Stored items
__________
(* On the square graph with vertices $0,1,2,3$ (in cyclic order) over $\mathbb{F}_2$ with exterior algebra $\Omega(\mathbb{Z}_2\times\mathbb{Z}_2)$, the unique quantum metric $g=e^1\otimes e^1+e^2\otimes e^2$ has exactly four QLCs, all flat. Two have constant coefficients: for $\alpha\in\{0,1\}$, $\nabla e^1=\nabla e^2=\alpha\,\theta\otimes\theta$ with $\sigma(e^1\otimes e^1)=\alpha e^2\otimes e^2+(1+\alpha)e^1\otimes e^1$, $\sigma(e^2\otimes e^2)=(1+\alpha)e^2\otimes e^2+\alpha e^1\otimes e^1$, $\sigma(e^1\otimes e^2)=(1+\alpha)e^2\otimes e^1+\alpha e^1\otimes e^2$, $\sigma(e^2\otimes e^1)=(1+\alpha)e^1\otimes e^2+\alpha e^2\otimes e^1$. The other two are $\nabla e^1=\theta\otimes\theta+\gamma e^1\otimes e^1$, $\nabla e^2=\theta\otimes\theta+(1+\gamma)e^2\otimes e^2$ with $\sigma(e^1\otimes e^1)=\gamma e^1\otimes e^1+e^2\otimes e^2$, $\sigma(e^1\otimes e^2)=e^1\otimes e^2$, $\sigma(e^2\otimes e^2)=e^1\otimes e^1+(1+\gamma)e^2\otimes e^2$, $\sigma(e^2\otimes e^1)=e^2\otimes e^1$, where $\gamma\in A$ is a function alternating between $0$ and $1$ around the square, i.e. $\gamma(0)=\gamma(2)$ and $\gamma(1)=\gamma(3)=1+\gamma(0)$.
   Context: $A=\mathbb{F}_2(X)$, $X=\{0,1,2,3\}$ identified with $\mathbb{Z}_2\times\mathbb{Z}_2$ via $0=(0,0),1=(0,1),2=(1,1),3=(1,0)$; $R_1$, $R_2$ are the shifts $(R_1f)(x)=f(x+(1,0))$, $(R_2f)(x)=f(x+(0,1))$. The square graph has arrows $i\to i\pm1$ mod 4, and the calculus has basis over $A$ given by $e^1=03+30+12+21$, $e^2=01+10+32+23$ (here $ij$ denotes the arrow $i\to j$), with $e^if=(R_if)e^i$ and ${\rm d} f=\sum_i(R_if+f)e^i$; $\theta=e^1+e^2$; $\Omega^1\otimes_A\Omega^1$ is free with basis $e^i\otimes e^j$. $\Omega(\mathbb{Z}_2\times\mathbb{Z}_2)$ is the exterior algebra generated by $A$ and $e^1,e^2$ with relations $(e^1)^2=(e^2)^2=0$, $e^1\wedge e^2+e^2\wedge e^1=0$, ${\rm d} e^i=0$. A bimodule connection is a linear $\nabla:\Omega^1\to\Omega^1\otimes_A\Omega^1$ with $\nabla(f\omega)={\rm d} f\otimes\omega+f\nabla\omega$ and $\nabla(\omega f)=(\nabla\omega)f+\sigma(\omega\otimes{\rm d} f)$ for a bimodule map $\sigma$; it is a QLC if $T_\nabla=\wedge\nabla-{\rm d}=0$ and $(\nabla\otimes\mathrm{id}+(\sigma\otimes\mathrm{id})(\mathrm{id}\otimes\nabla))g=0$. Flat means $R_\nabla=({\rm d}\otimes\mathrm{id}-(\wedge\otimes\mathrm{id})(\mathrm{id}\otimes\nabla))\nabla=0$. *)

(* Concrete coordinate model of the calculus on the square
   graph = Cayley graph of Z2 x Z2 over F_2.  Index 'i1' stands for e^1,
   'i2' for e^2. *)
From mathcomp Require Import all_boot all_algebra.
Set Implicit Arguments. Unset Strict Implicit. Unset Printing Implicit Defensive.
Import GRing.Theory.
Local Open Scope ring_scope.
__________
What is needed is a word-for-word copy of all the entries.

(* On the square graph with vertices $0,1,2,3$ (in cyclic order) over $\mathbb{F}_2$ with exterior algebra $\Omega(\mathbb{Z}_2\times\mathbb{Z}_2)$, the unique quantum metric $g=e^1\otimes e^1+e^2\otimes e^2$ has exactly four QLCs, all flat. Two have constant coefficients: for $\alpha\in\{0,1\}$, $\nabla e^1=\nabla e^2=\alpha\,\theta\otimes\theta$ with $\sigma(e^1\otimes e^1)=\alpha e^2\otimes e^2+(1+\alpha)e^1\otimes e^1$, $\sigma(e^2\otimes e^2)=(1+\alpha)e^2\otimes e^2+\alpha e^1\otimes e^1$, $\sigma(e^1\otimes e^2)=(1+\alpha)e^2\otimes e^1+\alpha e^1\otimes e^2$, $\sigma(e^2\otimes e^1)=(1+\alpha)e^1\otimes e^2+\alpha e^2\otimes e^1$. The other two are $\nabla e^1=\theta\otimes\theta+\gamma e^1\otimes e^1$, $\nabla e^2=\theta\otimes\theta+(1+\gamma)e^2\otimes e^2$ with $\sigma(e^1\otimes e^1)=\gamma e^1\otimes e^1+e^2\otimes e^2$, $\sigma(e^1\otimes e^2)=e^1\otimes e^2$, $\sigma(e^2\otimes e^2)=e^1\otimes e^1+(1+\gamma)e^2\otimes e^2$, $\sigma(e^2\otimes e^1)=e^2\otimes e^1$, where $\gamma\in A$ is a function alternating between $0$ and $1$ around the square, i.e. $\gamma(0)=\gamma(2)$ and $\gamma(1)=\gamma(3)=1+\gamma(0)$.
   Context: $A=\mathbb{F}_2(X)$, $X=\{0,1,2,3\}$ identified with $\mathbb{Z}_2\times\mathbb{Z}_2$ via $0=(0,0),1=(0,1),2=(1,1),3=(1,0)$; $R_1$, $R_2$ are the shifts $(R_1f)(x)=f(x+(1,0))$, $(R_2f)(x)=f(x+(0,1))$. The square graph has arrows $i\to i\pm1$ mod 4, and the calculus has basis over $A$ given by $e^1=03+30+12+21$, $e^2=01+10+32+23$ (here $ij$ denotes the arrow $i\to j$), with $e^if=(R_if)e^i$ and ${\rm d} f=\sum_i(R_if+f)e^i$; $\theta=e^1+e^2$; $\Omega^1\otimes_A\Omega^1$ is free with basis $e^i\otimes e^j$. $\Omega(\mathbb{Z}_2\times\mathbb{Z}_2)$ is the exterior algebra generated by $A$ and $e^1,e^2$ with relations $(e^1)^2=(e^2)^2=0$, $e^1\wedge e^2+e^2\wedge e^1=0$, ${\rm d} e^i=0$. A bimodule connection is a linear $\nabla:\Omega^1\to\Omega^1\otimes_A\Omega^1$ with $\nabla(f\omega)={\rm d} f\otimes\omega+f\nabla\omega$ and $\nabla(\omega f)=(\nabla\omega)f+\sigma(\omega\otimes{\rm d} f)$ for a bimodule map $\sigma$; it is a QLC if $T_\nabla=\wedge\nabla-{\rm d}=0$ and $(\nabla\otimes\mathrm{id}+(\sigma\otimes\mathrm{id})(\mathrm{id}\otimes\nabla))g=0$. Flat means $R_\nabla=({\rm d}\otimes\mathrm{id}-(\wedge\otimes\mathrm{id})(\mathrm{id}\otimes\nabla))\nabla=0$. *)

(* Concrete coordinate model of the calculus on the square
   graph = Cayley graph of Z2 x Z2 over F_2.  Index 'i1' stands for e^1,
   'i2' for e^2. *)
From mathcomp Require Import all_boot all_algebra.
Set Implicit Arguments. Unset Strict Implicit. Unset Printing Implicit Defensive.
Import GRing.Theory.
Local Open Scope ring_scope.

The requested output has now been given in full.